Bank for currency issues

Any central bank in the world is known as the bank of issue. Part III of CBO 1958 provides for

the Central Bank as sole currency issuing authority in the country. By this BNM can help the

country to attain effective supervision over legal tender money and control over credit

expansion in the banking system. The BNM commenced started to issue its own currency on

June 12, 1967. With this it replaced the board of Commissioners of Currency, Malaya and

British Borneo as the sole currency issuing authority.
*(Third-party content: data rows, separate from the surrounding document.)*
(* Let $T$ be a horizon with $T>25\log T$. Consider the two-armed instance in which arm 1 is Bernoulli with mean $\mu_1=(2e)^{-T}$ and arm 2 is Bernoulli with mean $\mu_2=1$. Then the UCB algorithm run for $T$ rounds on this instance has Nash regret $$\textsc{NR}_T\ge 1-\frac1T.$$
   Context: Nash regret: $\textsc{NR}_T:=\mu^*-\big(\prod_{t=1}^T\mathbb{E}[\mu_{I_t}]\big)^{1/T}$, where $I_t$ is the arm pulled in round $t$ and $\mu^*=\max_i\mu_i$. $\log$ is the natural logarithm. UCB algorithm: in each round $t$ it pulls an arm maximizing $\mathrm{UCB}_{i,t}:=\widehat\mu_i+\sqrt{\frac{2\log T}{n_{i,t}}}$, where $n_{i,t}$ is the number of times arm $i$ was pulled before round $t$ and $\widehat\mu_i$ its empirical mean (an arm not yet pulled has index $+\infty$); ties are broken by an arbitrary but fixed deterministic rule. *)

From HB Require Import structures.
From mathcomp Require Import all_boot all_order all_algebra.
From mathcomp Require Import all_classical all_reals all_analysis.
Set Implicit Arguments. Unset Strict Implicit. Unset Printing Implicit Defensive.
Import Order.TTheory GRing.Theory Num.Theory.
Local Open Scope ring_scope.

(* A history is the sequence of (arm pulled, reward observed) pairs. *)
Definition npulls (K : nat) (h : seq ('I_K * bool)) (i : 'I_K) : nat :=
  count (fun p => p.1 == i) h.

Definition rsum (R : realType) (K : nat) (h : seq ('I_K * bool)) (i : 'I_K) : R :=
  \sum_(p <- h | p.1 == i) (p.2 : nat)%:R.

Definition ucb (R : realType) (K T : nat) (h : seq ('I_K * bool)) (i : 'I_K) : \bar R :=
  if npulls h i == 0%N then +oo%E
  else ((rsum R h i / (npulls h i)%:R)
        + Num.sqrt (2 * ln (T%:R : R) / (npulls h i)%:R))%:E.

Definition ucb_max (R : realType) (K T : nat) (h : seq ('I_K * bool)) : {set 'I_K} :=
  [set i | [forall j, (ucb R T h j <= ucb R T h i)%E]].

(* History after t rounds of UCB, with tie-breaking rule tb (a fixed deterministic
   selection from the set of maximizers) and reward table X (X a t = reward arm a
   would give in round t). *)
Fixpoint ucb_hist (R : realType) (K T : nat) (tb : {set 'I_K} -> 'I_K)
    (X : 'I_K -> nat -> bool) (t : nat) : seq ('I_K * bool) :=
  match t with
  | 0 => [::]
  | t'.+1 => let h := ucb_hist R T tb X t' in
             let a := tb (ucb_max R T h) in rcons h (a, X a t')
  end.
The Malaysian currency was renamed

ringgit and sen from dollar and cents under the Malayan Currency (Ringgit) Act 1975.

Banker and financial advisor to the government

The BNM acts as banker, fiscal agent and financial advisor to the government and to a

number of statutory authorities and state governments like Johor, Kedah, Perak, Pahang,

Penang, Sabah, Sarawak, Kelantan, Selangor, Melaka, Terengganu, and latest Negeri

Sembilan. BNM has close co-operation with the government with the centralization of

government deposits with BNM starting April 1989. With this all government receipts for

example new issue of government securities, tax and dividend payments are placed

managed by BNM. The function of BNM as the banker and financial advisor to the

government can be classified by function of management of government accounts, source of

funds to government and management of the national debt.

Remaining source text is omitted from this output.